What is expected
Look for the line containing "split; first exact: in_E_ptws_closure (setB_norm_le" in the records below. Then output it and all the lines that follow, exactly and without any others.

==== Records provided

(* Let $X$ and $Y$ be completely regular Hausdorff spaces and let $c: X\times Y\to\mathbb{R}$ be a bounded function with property (H). Set $$A:=\{\phi^{c\bar c}+\inf_Y\phi^c:\ \phi\in C_b(X)\}\subseteq C_b(X),\qquad B:=\{\phi^{c}-\inf_Y\phi^c:\ \phi\in C_b(X)\}\subseteq C_b(Y).$$ Then the closures $\overline{A}^{\mathcal{T}_p}$ (in $(C_b(X),\mathcal{T}_p)$) and $\overline{B}^{\mathcal{T}_p}$ (in $(C_b(Y),\mathcal{T}_p)$) are uniformly bounded and equicontinuous, i.e. $\overline{A}^{\mathcal{T}_p}\in\mathcal{E}(X)$ and $\overline{B}^{\mathcal{T}_p}\in\mathcal{E}(Y)$. In particular they are compact in $(C_b(X),\mathcal{T}_p)$ and $(C_b(Y),\mathcal{T}_p)$ respectively, and $\overline{A}^{\mathcal{T}_p}\times\overline{B}^{\mathcal{T}_p}$ is compact in the product space $(C_b(X),\mathcal{T}_p)\times(C_b(Y),\mathcal{T}_p)$.
   Context: $C_b(Z)$ denotes the space of real-valued bounded continuous functions on $Z$; $\mathcal{T}_p$ is the topology of pointwise convergence on $C_b(Z)$; $\mathcal{E}(Z)$ is the family of uniformly bounded equicontinuous subsets of $C_b(Z)$. For $\xi: X\to\mathbb{R}$, $\xi^c(y):=\inf_{x\in X}\{c(x,y)-\xi(x)\}$; for $\zeta:Y\to\mathbb{R}$, $\zeta^{\bar c}(x):=\inf_{y\in Y}\{c(x,y)-\zeta(y)\}$; $\phi^{c\bar c}:=(\phi^c)^{\bar c}$. Define $\overline{d}_c(x,x'):=\sup_{y\in Y}|c(x,y)-c(x',y)|$ and $\underline{d}_c(y,y'):=\sup_{x\in X}|c(x,y)-c(x,y')|$. The function $c$ has property (H) if for every $x_0\in X$, $\lim_{x\to x_0}\overline{d}_c(x,x_0)=0$, and for every $y_0\in Y$, $\lim_{y\to y_0}\underline{d}_c(y,y_0)=0$ (limits in the topologies of $X$ and $Y$). *)

From HB Require Import structures.
From mathcomp Require Import all_boot all_order all_algebra.
From mathcomp Require Import all_classical all_reals all_analysis.
Set Implicit Arguments. Unset Strict Implicit. Unset Printing Implicit Defensive.
Import Order.TTheory GRing.Theory Num.Theory.
Import numFieldNormedType.Exports.
Local Open Scope classical_set_scope.
Local Open Scope ring_scope.

Definition Cb {R : realType} {Z : topologicalType} : set (Z -> R) :=
  [set f | continuous f /\ exists M : R, forall z, `|f z| <= M].

Definition ctrans {R : realType} {X Y : Type} (c : X -> Y -> R) (xi : X -> R)
  : Y -> R := fun y => inf [set c x y - xi x | x in [set: X]].

Definition cbartrans {R : realType} {X Y : Type} (c : X -> Y -> R) (zeta : Y -> R)
  : X -> R := fun x => inf [set c x y - zeta y | y in [set: Y]].

Definition infY {R : realType} {Y : Type} (g : Y -> R) : R :=
  inf [set g y | y in [set: Y]].

Definition dbar {R : realType} {X Y : Type} (c : X -> Y -> R) (x x' : X) : R :=
  sup [set `|c x y - c x' y| | y in [set: Y]].

Definition dunder {R : realType} {X Y : Type} (c : X -> Y -> R) (y y' : Y) : R :=
  sup [set `|c x y - c x y'| | x in [set: X]].

Definition propertyH {R : realType} {X Y : topologicalType} (c : X -> Y -> R) :=
  (forall x0 : X, (fun x => dbar c x x0) @ x0 --> (0 : R)) /\
  (forall y0 : Y, (fun y => dunder c y y0) @ y0 --> (0 : R)).

Definition bounded_fun2 {R : realType} {X Y : Type} (c : X -> Y -> R) :=
  exists M : R, forall x y, `|c x y| <= M.

Definition setA {R : realType} {X Y : topologicalType} (c : X -> Y -> R) : set (X -> R) :=
  [set (fun x => cbartrans c (ctrans c phi) x + infY (ctrans c phi))
    | phi in (@Cb R X)].

Definition setB {R : realType} {X Y : topologicalType} (c : X -> Y -> R) : set (Y -> R) :=
  [set (fun y => ctrans c phi y - infY (ctrans c phi)) | phi in (@Cb R X)].

(* closure in (C_b(Z), T_p): subspace closure = ambient pointwise closure meet C_b(Z) *)
Definition ptws_closure {R : realType} {Z : topologicalType} (F : set (Z -> R))
  : set (Z -> R) := closure (F : set {ptws Z -> R}) `&` (@Cb R Z).

Definition unif_bounded {R : realType} {Z : Type} (F : set (Z -> R)) :=
  exists M : R, forall f, F f -> forall z, `|f z| <= M.

Definition in_E {R : realType} {Z : topologicalType} (F : set (Z -> R)) :=
  and (forall f, F f -> (@Cb R Z) f) (and (unif_bounded F) (@equicontinuous Z R^o _ F id)).

From HB Require Import structures.
From mathcomp Require Import all_boot all_order all_algebra.
From mathcomp Require Import all_classical all_reals all_analysis.
From mathcomp Require Import lra.
Import Order.TTheory GRing.Theory Num.Theory.
Import numFieldNormedType.Exports.
Local Open Scope classical_set_scope.
Local Open Scope ring_scope.
Set Implicit Arguments. Unset Strict Implicit.

(* Write K for a bound of |c|. For bounded phi, psi := phi^c is an infimum of the
   functions y |-> c(x, y) - phi(x); each of them has oscillation at most 2K and
   modulus of continuity dunder_c(., y0) at y0, and infima inherit both.  Hence
   psi - inf psi takes values in [0, 2K] and is controlled by dunder_c, while
   phi^{c cbar} + inf psi = (psi - inf psi)^cbar is bounded by 3K and controlled
   by dbar_c.  Property (H) makes both families equicontinuous; equicontinuity
   and the bounds pass to pointwise closures, which therefore consist of
   continuous functions and lie in a product of compact intervals (Tychonoff). *)

Section inf_image.
Variables (R : realType) (T : Type).
Implicit Types (g h : T -> R) (m : R).

Lemma image_setT_uninhabited g : ~ inhabited T -> [set g t | t in [set: T]] = set0.
Proof. by move=> nT; apply/seteqP; split => // y [u _ _]; apply: nT; exists. Qed.

Lemma inf_image_le g m u : (forall t, m <= g t) -> inf [set g t | t in [set: T]] <= g u.
Proof.
move=> gm; apply: ge_inf; last by exists u.
by exists m => _ [s _ <-]; exact: gm.
Qed.

Lemma lb_le_inf_image g m (t0 : T) :
  (forall t, m <= g t) -> m <= inf [set g t | t in [set: T]].
Proof.
move=> gm; apply: lb_le_inf; first by exists (g t0), t0.
by move=> _ [s _ <-]; exact: gm.
Qed.

Lemma norm_inf_image_le g B :
  0 <= B -> (forall t, `|g t| <= B) -> `|inf [set g t | t in [set: T]]| <= B.
Proof.
move=> B0 gB; have [[t0]|nT] := pselect (inhabited T); last first.
  by rewrite image_setT_uninhabited // inf0 normr0.
have gNB t : - B <= g t by have := gB t; rewrite ler_norml => /andP[].
have := lb_le_inf_image t0 gNB; have := inf_image_le t0 gNB.
have := gB t0; rewrite !ler_norml => /andP[? ?] ? ?; apply/andP; split; lra.
Qed.

Lemma dist_inf_image_le g h m d :
  0 <= d -> (forall t, m <= g t) -> (forall t, m <= h t) ->
  (forall t, `|g t - h t| <= d) ->
  `|inf [set g t | t in [set: T]] - inf [set h t | t in [set: T]]| <= d.
Proof.
move=> d0 gm hm ghd; have [[t0]|nT] := pselect (inhabited T); last first.
  by rewrite !image_setT_uninhabited // subrr normr0.
have ghd' t : g t - d <= h t /\ h t - d <= g t.
  by have := ghd t; rewrite ler_norml => /andP[? ?]; split; lra.
have hg : inf [set h t | t in [set: T]] - d <= inf [set g t | t in [set: T]].
  apply: (lb_le_inf_image t0) => t; have := inf_image_le t hm.
  by have := (ghd' t).2; lra.
have gh : inf [set g t | t in [set: T]] - d <= inf [set h t | t in [set: T]].
  apply: (lb_le_inf_image t0) => t; have := inf_image_le t gm.
  by have := (ghd' t).1; lra.
by rewrite ler_norml; apply/andP; split; lra.
Qed.

Lemma inf_image_addr g m a (t0 : T) : (forall t, m <= g t) ->
  inf [set g t + a | t in [set: T]] = inf [set g t | t in [set: T]] + a.
Proof.
move=> gm; have gam t : m + a <= g t + a by rewrite lerD2r.
apply/le_anti/andP; split.
  rewrite -lerBlDr; apply: (lb_le_inf_image t0) => t.
  by rewrite lerBlDr; exact: inf_image_le gam.
apply: (lb_le_inf_image t0) => t; rewrite lerD2r; exact: inf_image_le gm.
Qed.

End inf_image.

Section dbar.
Variables (R : realType) (X Y : Type) (c : X -> Y -> R) (K : R).
Hypothesis cK : forall x y, `|c x y| <= K.

Lemma le_dbar x x' y : `|c x y - c x' y| <= dbar c x x'.
Proof.
apply: ub_le_sup; last by exists y.
exists (K + K) => _ [u _ <-].
exact: le_trans (ler_normB _ _) (lerD (cK _ _) (cK _ _)).
Qed.

Lemma dbar_ge0 x x' : 0 <= dbar c x x'.
Proof.
have [[y]|nY] := pselect (inhabited Y); first exact: le_trans (le_dbar x x' y).
by rewrite /dbar image_setT_uninhabited // sup0.
Qed.

End dbar.

Section ctrans.
Variables (R : realType) (X Y : Type) (c : X -> Y -> R) (K : R).
Hypotheses (K0 : 0 <= K) (cK : forall x y, `|c x y| <= K).
Variables (xi : X -> R) (B : R).
Hypotheses (B0 : 0 <= B) (xiB : forall x, `|xi x| <= B).

Let c_sub_xi_ge x y : - (K + B) <= c x y - xi x.
Proof.
have := cK x y; have := xiB x; rewrite !ler_norml => /andP[? ?] /andP[? ?]; lra.
Qed.

Lemma norm_ctrans_le y : `|ctrans c xi y| <= K + B.
Proof.
apply: norm_inf_image_le => [|x]; first exact: addr_ge0.
exact: le_trans (ler_normB _ _) (lerD (cK _ _) (xiB _)).
Qed.

Lemma dist_ctrans_le y y' d : 0 <= d -> (forall x, `|c x y - c x y'| <= d) ->
  `|ctrans c xi y - ctrans c xi y'| <= d.
Proof.
move=> d0 cd; apply: dist_inf_image_le d0 (c_sub_xi_ge ^~ y) (c_sub_xi_ge ^~ y') _.
by move=> x; rewrite opprB addrA subrK.
Qed.

Lemma infY_ctrans_le y : infY (ctrans c xi) <= ctrans c xi y.
Proof.
apply: (@inf_image_le _ _ _ (- (K + B))) => u.
by have := norm_ctrans_le u; rewrite ler_norml => /andP[].
Qed.

Lemma ctrans_sub_infY_le y : ctrans c xi y - infY (ctrans c xi) <= K + K.
Proof.
rewrite lerBlDl -lerBlDr; apply: (lb_le_inf_image y) => u.
have := @dist_ctrans_le y u (K + K) (addr_ge0 K0 K0).
have cKK x : `|c x y - c x u| <= K + K.
  exact: le_trans (ler_normB _ _) (lerD (cK _ _) (cK _ _)).
by move=> /(_ cKK); rewrite ler_norml => /andP[_]; lra.
Qed.

Lemma norm_ctrans_sub_infY_le y : `|ctrans c xi y - infY (ctrans c xi)| <= K + K.
Proof.
have := infY_ctrans_le y; have := ctrans_sub_infY_le y.
by rewrite ler_norml => ? ?; apply/andP; split; lra.
Qed.

Lemma cbartrans_ctrans_add_infY x :
  cbartrans c (ctrans c xi) x + infY (ctrans c xi) =
  cbartrans c (fun y => ctrans c xi y - infY (ctrans c xi)) x.
Proof.
have [[y0]|nY] := pselect (inhabited Y); last first.
  by rewrite /cbartrans /infY !image_setT_uninhabited // inf0 addr0.
have gm y : - K - (K + B) <= c x y - ctrans c xi y.
  have := cK x y; have := norm_ctrans_le y.
  by rewrite !ler_norml => /andP[? ?] /andP[? ?]; lra.
rewrite /cbartrans -(inf_image_addr _ y0 gm).
by congr (inf _); apply: eq_imagel => y _; rewrite opprB addrA addrAC.
Qed.

End ctrans.

Section pointwise_closure.
Variables (R : realType) (Z : topologicalType).
Implicit Types (S : set (Z -> R)) (K : R).

Lemma compact_ptws_norm_le K : compact [set f : {ptws Z -> R} | forall z, `|f z| <= K].
Proof.
have -> : [set f : {ptws Z -> R} | forall z, `|f z| <= K] =
          [set f | forall z, `[-K, K]%classic (f z)].
  by apply/seteqP; split => f /= fK z; have := fK z; rewrite in_itv /= ler_norml.
exact: tychonoff (fun=> @segment_compact R (- K) K).
Qed.

Lemma closure_ptws_norm_le S K : (forall f, S f -> forall z, `|f z| <= K) ->
  forall f, closure (S : set {ptws Z -> R}) f -> forall z, `|f z| <= K.
Proof.
move=> SK; have box_closed : closed [set f : {ptws Z -> R} | forall z, `|f z| <= K].
  apply: compact_closed; last exact: compact_ptws_norm_le.
  by apply: hausdorff_product => z; exact: Rhausdorff.
suff : closure (S : set {ptws Z -> R}) `<=` [set f | forall z, `|f z| <= K] by [].
by rewrite closureE; apply: smallest_sub box_closed _ => f /SK.
Qed.

Lemma equicontinuous_modulus S (w : Z -> Z -> R) :
  (forall f, S f -> forall z z0, `|f z - f z0| <= w z z0) ->
  (forall z0, (fun z => w z z0) @ z0 --> 0) -> @equicontinuous Z R^o _ S id.
Proof.
move=> Sw w0 z0 E; rewrite -entourage_ballE => -[e /= e0 eE].
have w_small := (cvgrPdist_lt _ _).1 (w0 z0) e e0.
near=> z => f Sf; apply: eE; rewrite /= -ball_normE /= distrC.
apply: le_lt_trans (Sw f Sf z z0) (le_lt_trans (ler_norm _) _).
by rewrite -normrN -sub0r; near: z; exact: w_small.
Unshelve. all: by end_near. Qed.

Section bounded_equicontinuous.
Variables (S : set (Z -> R)) (K : R).
Hypotheses (SK : forall f, S f -> forall z, `|f z| <= K)
  (Seq : @equicontinuous Z R^o _ S id).

Lemma ptws_closureE : ptws_closure S = closure (S : set {ptws Z -> R}).
Proof.
have clSeq : @equicontinuous Z R^o _ (closure (S : set {ptws Z -> R})) id.
  exact: equicontinuous_closure.
apply/setIidl => f Sf; split; first exact: (equicontinuous_continuous clSeq).
by exists K; exact: (closure_ptws_norm_le SK Sf).
Qed.

Lemma in_E_ptws_closure : in_E (ptws_closure S).
Proof.
rewrite ptws_closureE; split; last split.
- by rewrite -ptws_closureE => f [].
- by exists K; exact: closure_ptws_norm_le.
- exact: equicontinuous_closure.
Qed.

Lemma compact_ptws_closure : compact (ptws_closure S : set {ptws Z -> R}).
Proof.
rewrite ptws_closureE; apply: (subclosed_compact _ (compact_ptws_norm_le (K := K))).
  exact: closed_closure.
exact: (closure_ptws_norm_le SK).
Qed.

End bounded_equicontinuous.
End pointwise_closure.

Section transform_families.
Variables (R : realType) (X Y : topologicalType) (c : X -> Y -> R) (K : R).
Hypotheses (K0 : 0 <= K) (cK : forall x y, `|c x y| <= K).

(* [cbartrans c] and [dunder c] are, by conversion, [ctrans] and [dbar] of the
   transposed cost, so the lemmas above apply to them through [cK_flip]. *)
Let cK_flip y x : `|(fun y x => c x y) y x| <= K := cK x y.

Let Cb_norm_le (phi : X -> R) : Cb phi -> exists2 B : R, 0 <= B & forall x, `|phi x| <= B.
Proof.
by move=> [_ [M phiM]]; exists `|M| => // x; exact: le_trans (phiM x) (ler_norm M).
Qed.

Lemma setB_norm_le f : setB c f -> forall y, `|f y| <= K + K.
Proof.
move=> [phi /Cb_norm_le[B B0 phiB] <-] y.
exact (norm_ctrans_sub_infY_le K0 cK B0 phiB y).
Qed.

Lemma setB_modulus f : setB c f -> forall y y0, `|f y - f y0| <= dunder c y y0.
Proof.
move=> [phi /Cb_norm_le[B B0 phiB] <-] y y0 /=; rewrite opprB addrA subrK.
apply: (dist_ctrans_le cK phiB (dbar_ge0 cK_flip y y0)) => x.
exact (le_dbar cK_flip y y0 x).
Qed.

Lemma setA_norm_le f : setA c f -> forall x, `|f x| <= K + (K + K).
Proof.
move=> [phi /Cb_norm_le[B B0 phiB] <-] x /=.
rewrite (cbartrans_ctrans_add_infY K0 cK B0 phiB).
exact (norm_ctrans_le K0 cK_flip (addr_ge0 K0 K0) (norm_ctrans_sub_infY_le K0 cK B0 phiB) x).
Qed.

Lemma setA_modulus f : setA c f -> forall x x0, `|f x - f x0| <= dbar c x x0.
Proof.
move=> [phi /Cb_norm_le[B B0 phiB] <-] x x0 /=.
rewrite !(cbartrans_ctrans_add_infY K0 cK B0 phiB).
apply: (dist_ctrans_le cK_flip (norm_ctrans_sub_infY_le K0 cK B0 phiB) (dbar_ge0 cK x x0)).
by move=> y; exact (le_dbar cK x x0 y).
Qed.

End transform_families.

Theorem mainTheorem2 (R : realType) (X Y : topologicalType)
  (crX : completely_regular_space X) (hX : hausdorff_space X)
  (crY : completely_regular_space Y) (hY : hausdorff_space Y)
  (c : X -> Y -> R) (cbd : bounded_fun2 c) (cH : propertyH c) :
  in_E (ptws_closure (setA c)) /\ in_E (ptws_closure (setB c)) /\
  compact (ptws_closure (setA c) : set {ptws X -> R}) /\
  compact (ptws_closure (setB c) : set {ptws Y -> R}) /\
  compact (ptws_closure (setA c) `*` ptws_closure (setB c)
            : set ({ptws X -> R} * {ptws Y -> R})%type).
Proof.
case: cbd => M cM.
have cK x y : `|c x y| <= `|M| by exact: le_trans (cM x y) (ler_norm M).
have K0 : 0 <= `|M| by [].
have Aeq := equicontinuous_modulus (setA_modulus K0 cK) cH.1.
have Beq := equicontinuous_modulus (setB_modulus cK) cH.2.
have cptA := compact_ptws_closure (setA_norm_le K0 cK) Aeq.
have cptB := compact_ptws_closure (setB_norm_le K0 cK) Beq.
split; first exact: in_E_ptws_closure (setA_norm_le K0 cK) Aeq.
split; first exact: in_E_ptws_closure (setB_norm_le K0 cK) Beq.
by do 2 split => //; exact: compact_setX.
Qed.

========

Solution to the problem
split; first exact: in_E_ptws_closure (setB_norm_le K0 cK) Beq.
by do 2 split => //; exact: compact_setX.
Qed.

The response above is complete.